(* The vertices of the cycle are labelled s 0, ..., s n', s 0, ..., s n', so the walk of
   length n'.+1 from 0 (resp. n'.+1) spells s, and it has weight u (resp. v). *)
Local Notation N := (n'.+1 + n').+1.
Local Notation cycle_next := (@ordS N).

Definition cycle_lab (p : 'I_N) : 'I_n'.+1 := s (inord (p %% n'.+1)).

Definition cycle_weight (p : 'I_N) : U :=
  if nat_of_ord p == 0 then u else if nat_of_ord p == n'.+1 then v else 1.

Definition cycle_var (k : nat) : 'M[U]_N :=
  walk_mx cycle_lab cycle_next cycle_weight (inord k).

Definition cycle_mid : 'I_N := inord n'.+1.

Lemma val_cycle_mid : nat_of_ord cycle_mid = n'.+1.
Proof. by rewrite inordK // ltnS leq_addr. Qed.

Section HalfCycle.
Variable st : 'I_N.
Hypothesis st_half : (nat_of_ord st == 0) || (nat_of_ord st == n'.+1).

Lemma val_iter_half_cycle (i : 'I_n'.+1) :
  nat_of_ord (iter i cycle_next st) = (st + i)%N.
Proof.
rewrite val_iter_ordS modn_small //.
by have := ltn_ord i; case/orP: st_half => /eqP ->; lia.
Qed.

Lemma cycle_lab_walk (i : 'I_n'.+1) : cycle_lab (iter i cycle_next st) = s i.
Proof.
rewrite /cycle_lab val_iter_half_cycle.
suff -> : ((st + i) %% n'.+1)%N = i by rewrite inord_val.
by case/orP: st_half => /eqP ->; rewrite ?add0n ?modnDl modn_small.
Qed.

Lemma cycle_weight_walk :
  \prod_(i < n'.+1) cycle_weight (iter i cycle_next st) = cycle_weight st.
Proof.
rewrite big_ord_recl big1 ?mulr1 // => i _.
rewrite /cycle_weight val_iter_half_cycle lift0.
by have := ltn_ord i; case/orP: st_half => /eqP ->; do 2!case: eqP => //; lia.
Qed.

Lemma row_delta_half_cycle :
  row_delta (mlin_interp alpha scalar_mx cycle_var) st
    (alpha s * cycle_weight st) (iter n'.+1 cycle_next st).
Proof.
have walkE (t : 'S_n'.+1) : (\prod_(i < n'.+1) cycle_var (t i)) =
    \prod_(i < n'.+1) walk_mx cycle_lab cycle_next cycle_weight (t i).
  by apply: eq_bigr => i _; rewrite /cycle_var inord_val.
set en := iter n'.+1 _ st => k.
rewrite /mlin_interp summxE (bigD1 s) //= [X in _ + X]big1 ?addr0 => [|t neq_ts].
  rewrite scalar_mx_mul_entry walkE prod_walk_mx cycle_weight_walk big_andE.
  have -> : [forall i : 'I_n'.+1, cycle_lab (iter i cycle_next st) == s i].
    by apply/forallP => i; rewrite cycle_lab_walk.
  by rewrite eq_sym; case: eqP; rewrite ?mulr0.
rewrite scalar_mx_mul_entry walkE prod_walk_mx big_andE.
suff /negbTE -> : ~~ [forall i : 'I_n'.+1, cycle_lab (iter i cycle_next st) == t i].
  by rewrite mulr0.
apply/forallP => lab_t; move/eqP: neq_ts; apply; apply/permP => i.
by apply/esym/eqP; rewrite -cycle_lab_walk lab_t.
Qed.

End HalfCycle.

Lemma row_delta_cycle_start :
  row_delta (mlin_interp alpha scalar_mx cycle_var) ord0 (alpha s * u) cycle_mid.
Proof.
have -> : cycle_mid = iter n'.+1 cycle_next ord0.
  by apply: ord_inj; rewrite val_cycle_mid val_iter_ordS modn_small // ltnS leq_addr.
exact: row_delta_half_cycle.
Qed.

Lemma row_delta_cycle_mid :
  row_delta (mlin_interp alpha scalar_mx cycle_var) cycle_mid (alpha s * v) ord0.
Proof.
have mid_half : (nat_of_ord cycle_mid == 0) || (nat_of_ord cycle_mid == n'.+1).
  by rewrite val_cycle_mid eqxx orbT.
have -> : ord0 = iter n'.+1 cycle_next cycle_mid.
  by apply: ord_inj; rewrite val_iter_ordS val_cycle_mid addnS modnn.
by have := row_delta_half_cycle _ mid_half; rewrite /cycle_weight val_cycle_mid eqxx.
Qed.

+--

* [Task requirements]
All lines from the opening of the records through the line where "if nat_of_ord p == 0" occurs are to be output verbatim. No other line belongs in the answer.

* [Written answer]
(* The vertices of the cycle are labelled s 0, ..., s n', s 0, ..., s n', so the walk of
   length n'.+1 from 0 (resp. n'.+1) spells s, and it has weight u (resp. v). *)
Local Notation N := (n'.+1 + n').+1.
Local Notation cycle_next := (@ordS N).

Definition cycle_lab (p : 'I_N) : 'I_n'.+1 := s (inord (p %% n'.+1)).

Definition cycle_weight (p : 'I_N) : U :=
  if nat_of_ord p == 0 then u else if nat_of_ord p == n'.+1 then v else 1.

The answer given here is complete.